De oerknal heeft echter niets te maken met de evolutietheorie, die immers de ontwikkeling van het leven verklaart. Ook het ontstaan van het leven zelf valt strikt genomen buiten de evolutietheorie en is het terrein van de abiogenese, de chemie en de aardwetenschappen. Naast dit soort fundamentele misvattingen beweren creationisten regelmatig dat Darwin door zijn evolutietheorie atheïst werd, zijn theorie op zijn sterfbed herroepen zou hebben of dat de evolutietheorie stelt dat alles door pure toevalsprocessen tot stand komt. Al deze beweringen zijn aantoonbaar onjuist en eenvoudigweg te weerleggen voor wie zich ook maar enigszins in deze materie verdiept. Ze vervuilen echter wel de discussie.
Bronnen
Ten vierde valt op dat creationisten regelmatig specifieke kritiek op onderdelen van de evolutietheorie formuleren, zoals dateringsvraagstukken. Deze kritiek is vaak sterk specialistisch, zonder dat het duidelijk is waarom zij mag gelden als wetenschappelijk aanvaardbare kennis, nu de kritiek vrijwel altijd is opgesteld door creationisten zonder wetenschappelijke scholing op het betreffende gebied én de gegeven antwoorden door de betreffende vakwetenschappers vrijwel altijd wordt betwist.

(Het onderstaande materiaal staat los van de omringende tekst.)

(* Let $P\in\mathbb{C}[X_1,\dots,X_n]_{int}$ be an internal polynomial of degree $d\in{}^*\mathbb{N}$. Then (i) $P$ is bounded if and only if $P$ is absolutely bounded; (ii) $P$ is infinitesimal if and only if $P$ is absolutely infinitesimal.
   Context: ${}^*\mathbb{C}$ is an ultrapower of $\mathbb{C}$ by a nonprincipal ultrafilter; ${}^b\mathbb{C}$ (resp. ${}^i\mathbb{C}$) denotes the elements $z$ with $|z|\le r$ for some standard real $r$ (resp. $|z|<r$ for every standard real $r>0$). For finite $n$, $\mathbb{C}[X_1,\dots,X_n]_{int}$ is the ultrapower of $\mathbb{C}[X_1,\dots,X_n]$; an internal polynomial $P=\sum_{|\nu|\le d}a_\nu X^\nu$ ($a_\nu\in{}^*\mathbb{C}$, $\nu\in{}^*\mathbb{N}^n$) is viewed as an internal function ${}^*\mathbb{C}^n\to{}^*\mathbb{C}$, and $|P|:=\sum_{|\nu|\le d}|a_\nu|X^\nu$. $P$ is bounded (resp. infinitesimal) if $P({}^b\mathbb{C}^n)\subset{}^b\mathbb{C}$ (resp. $\subset{}^i\mathbb{C}$), and absolutely bounded (resp. absolutely infinitesimal) if $|P|({}^b\mathbb{C}^n)\subset{}^b\mathbb{C}$ (resp. $\subset{}^i\mathbb{C}$). *)

From HB Require Import structures.
From mathcomp Require Import all_boot all_order all_algebra.
From mathcomp Require Import reals.
From mathcomp Require Import complex.
From mathcomp Require Import mpoly.
Set Implicit Arguments. Unset Strict Implicit. Unset Printing Implicit Defensive.
Import Order.TTheory GRing.Theory Num.Theory.
Local Open Scope ring_scope.
Local Open Scope complex_scope.

Definition is_ultrafilter (I : Type) (U : (I -> Prop) -> Prop) : Prop :=
  [/\ U (fun _ => True),
      ~ U (fun _ => False),
      (forall A B : I -> Prop, U A -> U B -> U (fun i => A i /\ B i)),
      (forall A B : I -> Prop, (forall i, A i -> B i) -> U A -> U B)
    & (forall A : I -> Prop, U A \/ U (fun i => ~ A i))].

Definition nonprincipal (I : Type) (U : (I -> Prop) -> Prop) : Prop :=
  forall i0 : I, ~ U (fun i => i = i0).

Section Ultra.
Variables (R : realType) (I : Type) (U : (I -> Prop) -> Prop).

(* Elements of *C are represented by sequences I -> R[i] (modulo U);
   all predicates below are invariant under U-a.e. equality. *)

Definition hbounded (z : I -> R[i]) : Prop :=
  exists r : R, U (fun i => `|z i| <= r%:C).

Definition hinfinitesimal (z : I -> R[i]) : Prop :=
  forall r : R, 0 < r -> U (fun i => `|z i| < r%:C).

Variable n : nat.

Definition hbounded_pt (z : I -> 'I_n -> R[i]) : Prop :=
  forall j : 'I_n, hbounded (fun i => z i j).

Definition abs_mpoly (p : {mpoly R[i][n]}) : {mpoly R[i][n]} :=
  \sum_(m <- msupp p) `|p@_m| *: 'X_[m].

(* An internal polynomial is represented by I -> {mpoly R[i][n]}
   (the ultrapower of C[X_1..X_n]); it acts on internal points pointwise. *)
Definition ipoly_eval (P : I -> {mpoly R[i][n]}) (z : I -> 'I_n -> R[i])
  : I -> R[i] := fun i => (P i).@[z i].

Definition ipoly_abs (P : I -> {mpoly R[i][n]}) : I -> {mpoly R[i][n]} :=
  fun i => abs_mpoly (P i).

Definition ipoly_bounded (P : I -> {mpoly R[i][n]}) : Prop :=
  forall z, hbounded_pt z -> hbounded (ipoly_eval P z).

Definition ipoly_infinitesimal (P : I -> {mpoly R[i][n]}) : Prop :=
  forall z, hbounded_pt z -> hinfinitesimal (ipoly_eval P z).

Definition ipoly_abs_bounded (P : I -> {mpoly R[i][n]}) : Prop :=
  ipoly_bounded (ipoly_abs P).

Op deze wijze wordt door creationisten vrij eenvoudig de suggestie van een overtuigend weerwoord gewekt, zonder dat dit weerwoord ook maar enigszins als ‘kennis’ heeft te gelden. Het is dus zaak dat creationisten duidelijk maken uit welke bron zij hun ‘kennis’ putten en waarom deze bron terzake deskundig is.
Retorisch
Tot slot valt op dat creationisten de neiging hebben retorische kunstgrepen in hun bijdragen toe te passen door valse tegenstellingen te creëren (“bijbelgetrouw óf niet-bijbelgetrouw”, “christen óf evolutionist”, “christelijke wetenschap óf seculiere wetenschap”, etc), relativistische of determinerende zinsneden in te voeren zonder deze los te laten op hun eigen claims (“onze gedachten bepalen wat we zien”), of complotdenken (“de evolutietheorie is een complot van atheïstische wetenschappers om het christendom te vernietigen”). Hiermee kan een inhoudelijk debat retorisch omzeild worden, hetgeen niet de bedoeling is.
Noot: Voor dit artikel werd geplaatst, hebben we als redactie een reactie gevraagd uit creationistische kring. Binnenkort zal deze volgen.